Стряхнув с себя оцепенение, я рывком села в постели. К несчастью, я практически ничего не помнила. Блаженное состояние, в котором я пребывала, как рукой сняло, «таблетки счастья», выпитые накануне вечером, уже перестали действовать, оставив после себя ощущение чего-то неприятного. Неужели мы с Хью занимались любовью? У меня было сильное подозрение, что именно так оно и было.
— Мин, — нервно начала я, — не надо на меня так смотреть, пожалуйста. Что бы ни произошло, это абсолютно не важно, уверяю тебя. Хью просто хотел защитить меня от этого ненормального. Вот и все. Представляешь, он пытался среди ночи вломиться ко мне в комнату!
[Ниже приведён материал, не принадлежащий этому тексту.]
(* Let $n\ge1$, $\nu\ge1$ be integers and $\delta\in\{0,1,2\}$. The orthogonal graph $\mathcal{O}^{(2\nu+\delta)}_{2^n}$ is vertex transitive and arc transitive.
   Context: Let $V^{2\nu+\delta}$ be the set of tuples $\vec a=(a_1,\ldots,a_{2\nu+\delta})\in(\mathbb{Z}_{2^n})^{2\nu+\delta}$ such that some $a_i$ is a unit of $\mathbb{Z}_{2^n}$. Write $\vec a\sim\vec b$ if $\vec a=\lambda\vec b$ for some $\lambda\in\mathbb{Z}_{2^n}^\times$, let $[\vec a]$ denote the equivalence class and $V^{2\nu+\delta}_\sim$ the set of classes. Let $G_{2\nu+\delta,\Delta}=\begin{pmatrix}0&I_\nu&\\ &0&\\ &&\Delta\end{pmatrix}$ over $\mathbb{Z}_{2^n}$ (first two block sizes $\nu$, unspecified blocks zero), where $\Delta$ is empty if $\delta=0$, $\Delta=(1)$ if $\delta=1$, and $\Delta=\begin{pmatrix}z&1\\0&z\end{pmatrix}$ if $\delta=2$, with $z$ a fixed unit of $\mathbb{Z}_{2^n}$. The orthogonal graph $\mathcal{O}^{(2\nu+\delta)}_{2^n}$ has vertex set $\{[\vec a]\in V^{2\nu+\delta}_\sim:\vec a\,G_{2\nu+\delta,\Delta}\,\vec a^t=0\}$, with $[\vec a]$ adjacent to $[\vec b]$ iff $\vec a(G_{2\nu+\delta,\Delta}+G_{2\nu+\delta,\Delta}^t)\vec b^t\in\mathbb{Z}_{2^n}^\times$. A graph is arc transitive if its automorphism group acts transitively on ordered pairs of adjacent vertices. *)

From HB Require Import structures.
From mathcomp Require Import all_boot all_order all_algebra.
Set Implicit Arguments. Unset Strict Implicit. Unset Printing Implicit Defensive.
Import GRing.Theory.
Local Open Scope ring_scope.

Notation Zmod2n n := 'Z_(2 ^ n)%N.

(* The Gram matrix G_{2nu+delta,Delta} (indices 0-based):
   - entry (i, i+nu) = 1 for i < nu                       (the block I_nu)
   - diagonal entries at positions >= 2nu are z if delta = 2, 1 if delta = 1
   - entry (2nu, 2nu+1) = 1 (only exists when delta = 2)
   everything else 0. *)
Definition Gmat (n nu delta : nat) (z : Zmod2n n) : 'M[Zmod2n n]_(2 * nu + delta) :=
  \matrix_(i, j)
    if (i < nu)%N && (nat_of_ord j == i + nu)%N then 1
    else if (nat_of_ord i == j) && (2 * nu <= i)%N then (if delta == 2%N then z else 1)
    else if (nat_of_ord i == 2 * nu)%N && (nat_of_ord j == (2 * nu).+1)%N then 1
    else 0.

Section Graph.
Variables (n nu delta : nat) (z : Zmod2n n).
Local Notation R := (Zmod2n n).
Local Notation m := (2 * nu + delta)%N.
Local Notation G := (Gmat nu delta z).

Definition unimodular (a : 'rV[R]_m) : bool := [exists i, a 0 i \is a GRing.unit].

Definition isotropic (a : 'rV[R]_m) : bool := (a *m G *m a^T) 0 0 == 0.

Definition vclass (a : 'rV[R]_m) : {set 'rV[R]_m} :=
  [set l *: a | l : R & l \is a GRing.unit].

Definition orth_vertices : {set {set 'rV[R]_m}} :=
  [set vclass a | a : 'rV[R]_m & unimodular a && isotropic a].

(* adjacency: a (G + G^t) b^t is a unit (for representatives; independent of
   the choice of representatives) *)
Definition orth_adj : rel {set 'rV[R]_m} :=
  fun C D => [exists a in C, exists b in D,
                (a *m (G + G^T) *m b^T) 0 0 \is a GRing.unit].
End Graph.

Definition graph_aut (T : finType) (V : {set T}) (e : rel T) (f : T -> T) : Prop :=
  [/\ {in V &, injective f}, f @: V = V & {in V &, forall x y, e (f x) (f y) = e x y}].

Definition vertex_transitive (T : finType) (V : {set T}) (e : rel T) : Prop :=
  forall x y, x \in V -> y \in V -> exists f, graph_aut V e f /\ f x = y.

Definition arc_transitive (T : finType) (V : {set T}) (e : rel T) : Prop :=
  forall x y u w, x \in V -> y \in V -> u \in V -> w \in V ->
    e x y -> e u w -> exists f, graph_aut V e f /\ f x = u /\ f y = w.

Arguments Gmat : clear implicits.
Arguments unimodular : clear implicits.
Arguments isotropic : clear implicits.
Arguments vclass : clear implicits.
Arguments orth_vertices : clear implicits.
Arguments orth_adj : clear implicits.

(* An isometry [g] of the quadratic form [Q x = x G x^T] (an invertible matrix
   with [Q (x g) = Q x]) maps classes [[a]] to [[a g]], preserving vertices and
   adjacency.  So it suffices to move every vertex to [[e_0]], and every arc to
   ([[e_0]], [[e_nu]]), by isometries.

   The workhorse is an Eichler transformation: if (e, f) is a hyperbolic pair
   and a is isotropic with B(a, f) a unit, some Eichler transformation fixing
   f sends a to B(a, f) e.  A vertex [a] has a unit coordinate a_k with
   k < 2 nu, because in Z_(2^n) the units are the odd residues; otherwise a
   would be congruent mod 2 to its tail on the last delta coordinates, where
   the form is anisotropic mod 2.  The pair (e_k, e_(k +- nu)) then moves [a]
   to [e_k], and a reflection or another Eichler transformation moves e_k to
   e_0.  Finally the pair (e_nu, e_0) moves a neighbour of [e_0] to [e_nu]
   while fixing e_0. *)

From HB Require Import structures.
From mathcomp Require Import all_boot all_order all_algebra.
From mathcomp Require Import ring zify.
Set Implicit Arguments. Unset Strict Implicit. Unset Printing Implicit Defensive.
Import GRing.Theory.
Local Open Scope ring_scope.

Lemma unitmx_rinv (R : comUnitRingType) m (g h : 'M[R]_m) :
  (forall x : 'rV[R]_m, x *m g *m h = x) -> g \in unitmx.
Proof.
move=> ghK; have gh1 : g *m h = 1%:M.
  by apply/row_matrixP => i; rewrite row_mul row1 rowE ghK.
by case: (mulmx1_unit gh1).
Qed.

Lemma row_support_sum (R : nzRingType) m (x : 'rV[R]_m) (S : {set 'I_m}) :
  (forall k, k \notin S -> x 0 k = 0) -> x = \sum_(k in S) x 0 k *: 'e_k.
Proof.
move=> x_out; rewrite {1}[x]row_sum_delta (bigID (mem S)) /=.
by rewrite [X in _ + X]big1 ?addr0 // => k /x_out ->; rewrite scale0r.
Qed.

Section QuadraticForm.
Variables (R : comUnitRingType) (m : nat) (G : 'M[R]_m).
Implicit Types (x y w a e f p q u v : 'rV[R]_m) (g h : 'M[R]_m).

Definition gram x y := (x *m G *m y^T) 0 0.
Definition qform x := gram x x.
Definition polar x y := (x *m (G + G^T) *m y^T) 0 0.

Lemma gramDl x y w : gram (x + y) w = gram x w + gram y w.
Proof. by rewrite /gram !mulmxDl mxE. Qed.
Lemma gramDr x y w : gram w (x + y) = gram w x + gram w y.
Proof. by rewrite /gram linearD /= mulmxDr mxE. Qed.
Lemma gramZl c x w : gram (c *: x) w = c * gram x w.
Proof. by rewrite /gram -!scalemxAl mxE. Qed.
Lemma gramZr c x w : gram w (c *: x) = c * gram w x.
Proof. by rewrite /gram linearZ /= -scalemxAr mxE. Qed.
Lemma gramNl x w : gram (- x) w = - gram x w.
Proof. by rewrite -scaleN1r gramZl mulN1r. Qed.
Lemma gramNr x w : gram w (- x) = - gram w x.
Proof. by rewrite -scaleN1r gramZr mulN1r. Qed.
К счастью, Хью догадался, а… а потом он нечаянно уснул. И я тоже — выпила снотворное и отрубилась. Ничего не помню, честное слово.
Стон Хью прервал мои объяснения. Приподнявшись на подушке, он, не открывая глаз, обнял меня одной рукой. Я свирепо отпихнула его, тогда он открыл глаза.
— Что-то ты не слишком дружелюбно настроена, милая Дэйзи, — недовольно пробормотал он. — Как это невежливо с твоей стороны! А ночью ты была совсем другой. И почему все умные девушки вечно капризничают? Беда с вами — просто перепихнуться без затей вас не устраивает. Вам вечно мало — хотите, чтобы вам льстили, и вздыхали, и ухаживали за вами, словно за королевой Бесс…
— Хью, ради всего святого! Заткнись! — Я встряхнула его за плечи. Это подействовало — Хью открыл наконец глаза и сел.
— Привет, Хью, — с безразличным видом бросила Мин. Я невольно позавидовала ее выдержке. Правда, меня это ничуть не обмануло, а вот на Хью ее ледяной тон подействовал ничуть не хуже холодного душа.
— Мин… Вот так сюрприз, как сказала Дева Мария архангелу Гавриилу. Неужели я проспал обед?
— Хью, ради бога! — сгорая от стыда, умоляюще прошептала я. — Есть у тебя совесть или нет?!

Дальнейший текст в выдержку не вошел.